(Source data)
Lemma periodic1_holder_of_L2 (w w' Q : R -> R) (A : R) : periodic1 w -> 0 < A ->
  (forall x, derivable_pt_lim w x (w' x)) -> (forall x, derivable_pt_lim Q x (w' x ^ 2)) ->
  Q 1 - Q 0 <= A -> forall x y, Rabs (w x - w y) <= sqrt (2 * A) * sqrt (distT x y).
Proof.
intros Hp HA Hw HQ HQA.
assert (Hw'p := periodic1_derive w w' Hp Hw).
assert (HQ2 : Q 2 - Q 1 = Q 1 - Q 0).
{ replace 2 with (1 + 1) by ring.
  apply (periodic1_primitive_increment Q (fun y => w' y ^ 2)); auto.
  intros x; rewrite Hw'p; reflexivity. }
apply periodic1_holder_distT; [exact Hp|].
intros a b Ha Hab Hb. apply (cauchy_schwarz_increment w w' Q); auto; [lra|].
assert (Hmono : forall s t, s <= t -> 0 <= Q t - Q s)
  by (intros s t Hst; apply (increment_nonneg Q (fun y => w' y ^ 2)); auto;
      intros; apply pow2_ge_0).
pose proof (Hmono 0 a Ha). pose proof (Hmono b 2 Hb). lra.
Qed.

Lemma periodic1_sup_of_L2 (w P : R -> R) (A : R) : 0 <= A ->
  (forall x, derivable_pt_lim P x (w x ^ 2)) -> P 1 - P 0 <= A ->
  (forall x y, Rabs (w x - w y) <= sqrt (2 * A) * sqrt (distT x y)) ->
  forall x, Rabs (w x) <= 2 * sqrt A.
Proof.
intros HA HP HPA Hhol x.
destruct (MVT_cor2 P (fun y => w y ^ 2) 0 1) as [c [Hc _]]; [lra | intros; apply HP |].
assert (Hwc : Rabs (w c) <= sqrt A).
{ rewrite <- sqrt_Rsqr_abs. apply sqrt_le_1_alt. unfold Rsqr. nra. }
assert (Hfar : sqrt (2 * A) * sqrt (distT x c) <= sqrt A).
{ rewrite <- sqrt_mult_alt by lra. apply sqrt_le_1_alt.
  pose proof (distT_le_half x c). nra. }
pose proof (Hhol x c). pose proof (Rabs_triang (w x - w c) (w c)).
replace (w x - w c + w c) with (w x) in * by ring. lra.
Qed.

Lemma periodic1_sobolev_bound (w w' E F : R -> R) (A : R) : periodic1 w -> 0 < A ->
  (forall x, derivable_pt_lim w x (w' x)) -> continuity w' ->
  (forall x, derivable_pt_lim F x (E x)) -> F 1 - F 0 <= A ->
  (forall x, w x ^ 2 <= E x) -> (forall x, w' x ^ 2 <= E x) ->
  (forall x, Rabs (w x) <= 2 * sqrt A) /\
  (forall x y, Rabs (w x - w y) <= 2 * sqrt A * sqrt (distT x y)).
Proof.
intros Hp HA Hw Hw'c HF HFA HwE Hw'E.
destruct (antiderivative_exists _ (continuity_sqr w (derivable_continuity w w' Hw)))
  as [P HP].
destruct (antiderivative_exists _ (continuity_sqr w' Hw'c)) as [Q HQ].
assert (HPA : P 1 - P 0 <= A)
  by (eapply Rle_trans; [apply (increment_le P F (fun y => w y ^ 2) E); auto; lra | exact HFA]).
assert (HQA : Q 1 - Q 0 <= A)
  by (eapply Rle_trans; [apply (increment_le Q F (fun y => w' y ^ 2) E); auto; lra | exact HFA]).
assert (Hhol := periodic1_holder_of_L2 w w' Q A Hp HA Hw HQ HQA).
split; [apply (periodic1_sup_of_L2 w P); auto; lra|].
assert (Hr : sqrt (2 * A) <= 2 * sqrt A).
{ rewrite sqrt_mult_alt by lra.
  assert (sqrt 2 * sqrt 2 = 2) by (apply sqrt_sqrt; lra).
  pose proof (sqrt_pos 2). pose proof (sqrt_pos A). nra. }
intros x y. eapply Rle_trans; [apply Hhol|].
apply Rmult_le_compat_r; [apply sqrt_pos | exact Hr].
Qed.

...

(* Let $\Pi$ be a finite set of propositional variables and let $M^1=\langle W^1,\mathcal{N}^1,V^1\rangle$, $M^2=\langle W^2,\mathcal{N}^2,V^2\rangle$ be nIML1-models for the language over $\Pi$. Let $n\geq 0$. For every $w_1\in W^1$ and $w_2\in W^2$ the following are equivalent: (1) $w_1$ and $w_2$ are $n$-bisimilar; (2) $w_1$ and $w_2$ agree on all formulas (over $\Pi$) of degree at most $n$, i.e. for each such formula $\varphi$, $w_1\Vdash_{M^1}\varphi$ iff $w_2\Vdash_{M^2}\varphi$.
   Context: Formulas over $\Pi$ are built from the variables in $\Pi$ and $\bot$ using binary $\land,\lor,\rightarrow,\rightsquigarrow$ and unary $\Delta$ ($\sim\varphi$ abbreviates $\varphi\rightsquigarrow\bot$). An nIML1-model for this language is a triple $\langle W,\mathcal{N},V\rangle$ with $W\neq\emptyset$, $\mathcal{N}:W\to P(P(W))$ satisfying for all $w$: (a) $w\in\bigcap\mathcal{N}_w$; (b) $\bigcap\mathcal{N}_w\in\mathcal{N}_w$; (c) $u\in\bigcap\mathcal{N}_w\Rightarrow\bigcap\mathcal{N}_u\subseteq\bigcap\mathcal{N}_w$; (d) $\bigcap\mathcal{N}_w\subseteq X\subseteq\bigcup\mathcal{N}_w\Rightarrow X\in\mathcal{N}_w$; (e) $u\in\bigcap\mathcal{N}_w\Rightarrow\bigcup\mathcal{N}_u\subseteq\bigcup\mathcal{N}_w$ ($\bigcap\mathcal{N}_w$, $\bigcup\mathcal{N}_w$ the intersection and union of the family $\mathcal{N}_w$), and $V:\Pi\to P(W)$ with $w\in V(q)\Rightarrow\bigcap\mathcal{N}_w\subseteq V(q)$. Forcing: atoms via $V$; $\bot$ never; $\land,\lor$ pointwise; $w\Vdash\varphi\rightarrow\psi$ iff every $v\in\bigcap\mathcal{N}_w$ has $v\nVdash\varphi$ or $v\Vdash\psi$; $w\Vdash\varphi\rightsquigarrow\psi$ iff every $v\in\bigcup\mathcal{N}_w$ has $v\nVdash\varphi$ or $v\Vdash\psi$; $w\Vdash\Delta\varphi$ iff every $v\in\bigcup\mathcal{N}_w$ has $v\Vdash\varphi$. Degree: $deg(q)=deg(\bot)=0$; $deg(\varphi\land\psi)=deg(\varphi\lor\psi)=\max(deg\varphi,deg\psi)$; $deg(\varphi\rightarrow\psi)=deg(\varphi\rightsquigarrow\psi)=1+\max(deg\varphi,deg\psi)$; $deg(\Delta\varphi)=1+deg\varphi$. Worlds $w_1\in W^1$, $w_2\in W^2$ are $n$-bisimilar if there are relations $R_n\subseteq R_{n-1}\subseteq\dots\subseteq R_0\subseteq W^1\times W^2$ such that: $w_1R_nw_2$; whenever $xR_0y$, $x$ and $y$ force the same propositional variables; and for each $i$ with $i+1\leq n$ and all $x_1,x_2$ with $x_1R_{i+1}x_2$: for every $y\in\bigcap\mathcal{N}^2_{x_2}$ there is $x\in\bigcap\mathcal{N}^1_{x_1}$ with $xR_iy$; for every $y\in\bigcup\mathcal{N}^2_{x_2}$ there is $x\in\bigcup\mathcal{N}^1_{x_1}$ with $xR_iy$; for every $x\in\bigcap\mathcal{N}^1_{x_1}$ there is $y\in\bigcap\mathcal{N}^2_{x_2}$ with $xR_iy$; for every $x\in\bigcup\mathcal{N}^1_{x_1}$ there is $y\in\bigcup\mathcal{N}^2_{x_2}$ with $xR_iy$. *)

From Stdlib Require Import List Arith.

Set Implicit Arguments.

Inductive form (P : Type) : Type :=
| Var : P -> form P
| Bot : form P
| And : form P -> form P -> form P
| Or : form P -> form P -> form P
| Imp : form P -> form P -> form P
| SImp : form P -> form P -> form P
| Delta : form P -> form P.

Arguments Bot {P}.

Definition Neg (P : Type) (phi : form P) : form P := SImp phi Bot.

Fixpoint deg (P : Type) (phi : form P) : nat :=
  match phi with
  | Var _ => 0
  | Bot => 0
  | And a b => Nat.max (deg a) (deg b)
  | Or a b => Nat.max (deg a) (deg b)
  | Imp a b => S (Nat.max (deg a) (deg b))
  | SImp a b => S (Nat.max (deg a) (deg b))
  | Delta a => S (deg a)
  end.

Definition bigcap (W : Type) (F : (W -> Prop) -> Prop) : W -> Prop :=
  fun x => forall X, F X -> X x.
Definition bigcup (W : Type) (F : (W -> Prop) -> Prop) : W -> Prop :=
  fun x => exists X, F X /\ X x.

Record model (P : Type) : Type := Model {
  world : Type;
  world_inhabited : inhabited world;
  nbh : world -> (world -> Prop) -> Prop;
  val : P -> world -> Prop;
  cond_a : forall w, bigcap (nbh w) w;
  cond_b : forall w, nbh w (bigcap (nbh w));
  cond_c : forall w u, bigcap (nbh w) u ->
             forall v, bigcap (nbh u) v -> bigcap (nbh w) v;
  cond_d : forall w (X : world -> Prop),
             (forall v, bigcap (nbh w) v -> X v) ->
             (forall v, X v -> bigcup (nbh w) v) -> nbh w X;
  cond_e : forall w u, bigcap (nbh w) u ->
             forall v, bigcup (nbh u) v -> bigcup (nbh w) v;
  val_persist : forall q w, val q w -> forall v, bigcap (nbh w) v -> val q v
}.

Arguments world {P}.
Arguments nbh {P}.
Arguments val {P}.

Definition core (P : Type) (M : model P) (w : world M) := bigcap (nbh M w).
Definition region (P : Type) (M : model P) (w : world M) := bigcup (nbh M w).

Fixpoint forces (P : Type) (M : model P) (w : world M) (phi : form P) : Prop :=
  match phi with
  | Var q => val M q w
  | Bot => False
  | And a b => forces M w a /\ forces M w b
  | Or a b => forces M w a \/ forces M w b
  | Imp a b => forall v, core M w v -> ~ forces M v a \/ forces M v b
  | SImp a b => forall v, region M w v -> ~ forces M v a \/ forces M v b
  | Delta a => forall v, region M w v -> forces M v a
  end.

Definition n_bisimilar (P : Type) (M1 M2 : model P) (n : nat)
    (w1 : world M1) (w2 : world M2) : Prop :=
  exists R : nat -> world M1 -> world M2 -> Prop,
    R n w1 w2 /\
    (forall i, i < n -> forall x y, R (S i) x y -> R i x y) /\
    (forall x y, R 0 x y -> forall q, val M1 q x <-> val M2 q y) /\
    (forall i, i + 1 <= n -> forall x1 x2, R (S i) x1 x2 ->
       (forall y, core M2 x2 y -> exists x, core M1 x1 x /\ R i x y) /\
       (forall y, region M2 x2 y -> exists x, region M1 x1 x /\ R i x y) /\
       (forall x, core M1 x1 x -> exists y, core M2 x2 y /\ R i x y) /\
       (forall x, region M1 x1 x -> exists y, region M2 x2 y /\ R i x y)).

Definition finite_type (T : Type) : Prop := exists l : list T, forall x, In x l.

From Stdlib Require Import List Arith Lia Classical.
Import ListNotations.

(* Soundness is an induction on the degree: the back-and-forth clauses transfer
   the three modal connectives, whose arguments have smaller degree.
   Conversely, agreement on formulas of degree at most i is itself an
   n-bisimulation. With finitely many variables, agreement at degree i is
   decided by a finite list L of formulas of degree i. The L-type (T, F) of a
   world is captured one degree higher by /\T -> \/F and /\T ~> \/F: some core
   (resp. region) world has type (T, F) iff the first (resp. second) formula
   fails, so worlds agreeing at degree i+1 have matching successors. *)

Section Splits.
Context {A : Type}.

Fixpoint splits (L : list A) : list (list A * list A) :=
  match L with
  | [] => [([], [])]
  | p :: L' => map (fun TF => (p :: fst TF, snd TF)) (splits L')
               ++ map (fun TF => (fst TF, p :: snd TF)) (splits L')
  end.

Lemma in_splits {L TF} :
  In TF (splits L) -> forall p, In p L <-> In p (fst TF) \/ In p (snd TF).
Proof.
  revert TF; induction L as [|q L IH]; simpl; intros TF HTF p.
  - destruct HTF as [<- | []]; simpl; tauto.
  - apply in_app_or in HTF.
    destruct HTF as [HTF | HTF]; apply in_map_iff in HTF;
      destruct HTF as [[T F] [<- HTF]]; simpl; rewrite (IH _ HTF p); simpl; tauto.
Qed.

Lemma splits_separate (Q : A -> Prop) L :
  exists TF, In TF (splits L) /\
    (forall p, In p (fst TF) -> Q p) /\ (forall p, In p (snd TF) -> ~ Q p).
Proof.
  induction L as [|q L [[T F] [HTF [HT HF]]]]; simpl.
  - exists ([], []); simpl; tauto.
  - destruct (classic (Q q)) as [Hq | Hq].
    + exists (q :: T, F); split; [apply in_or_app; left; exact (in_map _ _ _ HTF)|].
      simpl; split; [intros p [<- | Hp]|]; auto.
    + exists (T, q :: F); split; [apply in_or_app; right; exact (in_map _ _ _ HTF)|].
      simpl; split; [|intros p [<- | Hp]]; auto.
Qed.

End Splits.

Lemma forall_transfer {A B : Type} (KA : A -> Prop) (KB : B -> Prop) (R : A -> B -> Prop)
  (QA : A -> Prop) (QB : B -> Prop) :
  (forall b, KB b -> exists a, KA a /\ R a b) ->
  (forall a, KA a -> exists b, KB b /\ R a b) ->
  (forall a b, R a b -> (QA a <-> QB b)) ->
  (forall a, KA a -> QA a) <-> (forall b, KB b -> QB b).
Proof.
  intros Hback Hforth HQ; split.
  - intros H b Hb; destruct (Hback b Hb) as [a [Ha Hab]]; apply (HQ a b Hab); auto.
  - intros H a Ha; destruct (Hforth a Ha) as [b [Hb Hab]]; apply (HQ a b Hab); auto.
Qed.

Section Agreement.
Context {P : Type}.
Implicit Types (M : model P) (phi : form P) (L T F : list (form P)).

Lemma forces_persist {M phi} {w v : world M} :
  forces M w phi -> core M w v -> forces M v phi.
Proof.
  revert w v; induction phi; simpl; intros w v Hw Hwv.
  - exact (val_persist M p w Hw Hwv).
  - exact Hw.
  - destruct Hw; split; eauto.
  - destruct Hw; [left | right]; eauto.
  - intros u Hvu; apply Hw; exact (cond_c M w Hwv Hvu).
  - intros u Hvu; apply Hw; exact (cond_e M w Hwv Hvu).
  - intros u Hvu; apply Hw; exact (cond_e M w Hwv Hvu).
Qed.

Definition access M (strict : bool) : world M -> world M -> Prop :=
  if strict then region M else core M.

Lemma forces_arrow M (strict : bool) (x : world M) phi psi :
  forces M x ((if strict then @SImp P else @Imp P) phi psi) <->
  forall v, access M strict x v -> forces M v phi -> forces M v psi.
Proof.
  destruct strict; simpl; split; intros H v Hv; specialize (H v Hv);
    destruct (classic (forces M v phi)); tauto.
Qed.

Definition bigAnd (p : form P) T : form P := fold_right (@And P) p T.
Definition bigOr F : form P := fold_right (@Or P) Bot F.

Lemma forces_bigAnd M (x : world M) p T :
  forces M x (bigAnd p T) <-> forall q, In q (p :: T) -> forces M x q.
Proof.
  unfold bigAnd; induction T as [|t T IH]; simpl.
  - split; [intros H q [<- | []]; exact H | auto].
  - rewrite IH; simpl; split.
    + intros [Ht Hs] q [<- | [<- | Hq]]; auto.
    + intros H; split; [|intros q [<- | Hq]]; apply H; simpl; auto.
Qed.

» Prompt
Repeat the entries above verbatim, but only from the line that has "Lemma periodic1_holder_of_L2 (w" down to the line that has "apply periodic1_holder_distT; [exact Hp|].", inclusive.

» Solved exercise
Lemma periodic1_holder_of_L2 (w w' Q : R -> R) (A : R) : periodic1 w -> 0 < A ->
  (forall x, derivable_pt_lim w x (w' x)) -> (forall x, derivable_pt_lim Q x (w' x ^ 2)) ->
  Q 1 - Q 0 <= A -> forall x y, Rabs (w x - w y) <= sqrt (2 * A) * sqrt (distT x y).
Proof.
intros Hp HA Hw HQ HQA.
assert (Hw'p := periodic1_derive w w' Hp Hw).
assert (HQ2 : Q 2 - Q 1 = Q 1 - Q 0).
{ replace 2 with (1 + 1) by ring.
  apply (periodic1_primitive_increment Q (fun y => w' y ^ 2)); auto.
  intros x; rewrite Hw'p; reflexivity. }
apply periodic1_holder_distT; [exact Hp|].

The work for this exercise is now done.